Madox. You will always be the light of our lives. You will always be loved and cherished. You will always be our little guy who taught us how to laugh and be goofy, even when it hurts inside. You will always be…….our perfect Madox. 💙
We miss everything about you Madox…..today marks one year since you were stolen from us by cancer.
We miss you
We love you
This Saturday will be one year without our Madox. One long, heart breaking year. It seems so long ago, yet is so fresh in our minds like it was yesterday. My heart hurts just thinking about his last week with us. The struggle, the fight, our tears, and fear. We will never forget how this week felt, and what we saw. It is too hard to forget yet too hard to remember. No child should have to suffer in any way, especially the way dipg kids do. Watching your own child fight to live is life changing.
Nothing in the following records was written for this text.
Lemma radial_first_integral r : 0 < r < t ->
  r ^ (n - 1) * (Rpower (g r) (m - 1) * G r) + beta * r ^ n * g r
  + c * radial_integral n gh r = 0.
Proof.
  intros Hr.
  set (Gh x := G (clamp 0 t x)).
  set (P s := s ^ (n - 1) * (Rpower (gh s) (m - 1) * Gh s) + beta * s ^ n * gh s
              + c * radial_integral n gh s).
  assert (HGh : forall z, continuous Gh z)
    by (apply (continuous_comp_clamp0 G t eps); assumption).
  assert (Hgh_pos : forall z, 0 < gh z)
    by (intros z; apply g_pos; pose proof (clamp_bounds 0 t z); lra).
  assert (HP0 : P 0 = 0).
  { unfold P, Gh. rewrite clamp_id, G_0 by lra.
    unfold radial_integral. rewrite RInt_point_R, (pow_i n) by lia. ring. }
  destruct (MVT_gen P 0 r (fun _ => 0)) as [xi [_ Hmvt]];
    rewrite ?Rmin_left, ?Rmax_right in * by lra.
  - intros x Hx.
    apply (is_derive_ext_loc (fun s => s ^ (n - 1) * Derive u s + beta * s ^ n * g s
                                       + c * radial_integral n gh s));
      [|apply radial_flux_conservation; lra].
    apply (locally_of_interval 0 t); [lra|]. intros y Hy.
    unfold P, Gh. rewrite clamped_eq, clamp_id, Derive_u by lra. reflexivity.
  - intros x _. apply continuity_pt_filterlim. change (continuous P x). unfold P.
    repeat continuity_step; auto using continuous_clamped_solution.
    apply continuous_radial_integral, continuous_clamped_solution.
  - rewrite HP0 in Hmvt. unfold P, Gh in Hmvt. rewrite !clamped_eq, clamp_id in Hmvt by lra.
    lra.
Qed.

Lemma clamped_solution_reduced_ode : reduced_ode n beta c (1 - m) t gh.
Proof.
  intros r Hr.
  assert (Hgr : 0 < g r) by (apply g_pos; lra).
  assert (Hrn : 0 < r ^ (n - 1)) by (apply pow_lt; lra).
  assert (Hinv : Rpower (g r) (1 - m) * Rpower (g r) (m - 1) = 1).
  { rewrite <- Rpower_plus. replace (1 - m + (m - 1)) with 0 by ring. apply Rpower_O, Hgr. }
  assert (Hslope : Rpower (g r) (m - 1) * G r =
                   - (beta * r * g r + c * (radial_integral n gh r / r ^ (n - 1)))).
  { pose proof (radial_first_integral r Hr) as Hfi.
    rewrite (pow_pred_split n r n_pos) in Hfi. apply (Rmult_eq_reg_l (r ^ (n - 1))); [|lra].
    field_simplify; [lra | lra]. }
  replace (- reduced_rhs n beta c (1 - m) gh r) with (G r).
  - apply (is_derive_ext_loc g); [|apply g_derive; lra].
    apply (locally_of_interval 0 t); [exact Hr|]. intros y Hy. symmetry. apply clamped_eq. lra.
  - unfold reduced_rhs, flux. rewrite clamped_eq by lra.
    transitivity (Rpower (g r) (1 - m) * (Rpower (g r) (m - 1) * G r));
      [rewrite <- Rmult_assoc, Hinv; ring | rewrite Hslope; ring].
Qed.

End RadialToReduced.

Lemma radial_sol_reduced_ode n m alpha beta eta0 eps g t :
  (1 <= n)%nat -> 0 < m -> 0 < t < eps -> radial_sol n m alpha beta eta0 eps g ->
  (forall z, continuous (fun x => g (clamp 0 t x)) z) /\
  reduced_ode n beta (alpha - INR n * beta) (1 - m) t (fun x => g (clamp 0 t x)).
Proof.
  intros Hn Hm Ht [[G [[Hd [Hq [HGc HGr]]] HG0]] [HC2 [Hpos [_ Heq]]]].
  pose proof (at_right0_continuous_of_diff_quotient g (G 0) Hq) as Hgr.
  split.
  - eapply continuous_clamped_solution; eassumption.
  - eapply clamped_solution_reduced_ode; eassumption.
Qed.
What do you call the day someone dies? Don’t we as a society always want titles to go with an event? Well, it’s definitely not an anniversary. I think of those as a celebratory day, and this will never be that. Some say angelversary which I think I hate just as much. I tried to like it, tried to use it but it just didn’t feel right. If I have to label that day, I would call it a mark. A black terrible mark. It’s a mark on our lives, in our hearts. A mark you can never remove, and will never heal. It follows you no matter where you go, and shows itself when you least expect it. August 8, 2014 will always be a mark in our lives.
Even after almost a year, I still have a hard time saying those words “my son died”. I can say it in my mind but as soon as I say it aloud, tears come streaming down my face with no way of stopping them. When someone says ‘time heals all wounds’ they obviously haven’t buried their child. Time does not heal all wounds. Time teaches you how to live with this wound, but it certainly won’t heal it. Although I still cry talking about my son’s death, I still need to talk about him and his beautiful life. He brought so much love and joy into our lives, our families lives and into lives of anyone who met him. He completed our family, teaching me how to love more than I ever thought I could. He showed us what unconditional love looks like. The giant smiles we would get when we got home, the long and strong hugs we received before we left for work, the sweet ‘I love you’s ‘ when we tucked him into bed for the night. There was no doubt the love he had for us. It truly was unwavering. I just hope he knew the love and joy we have for him. Always and forever.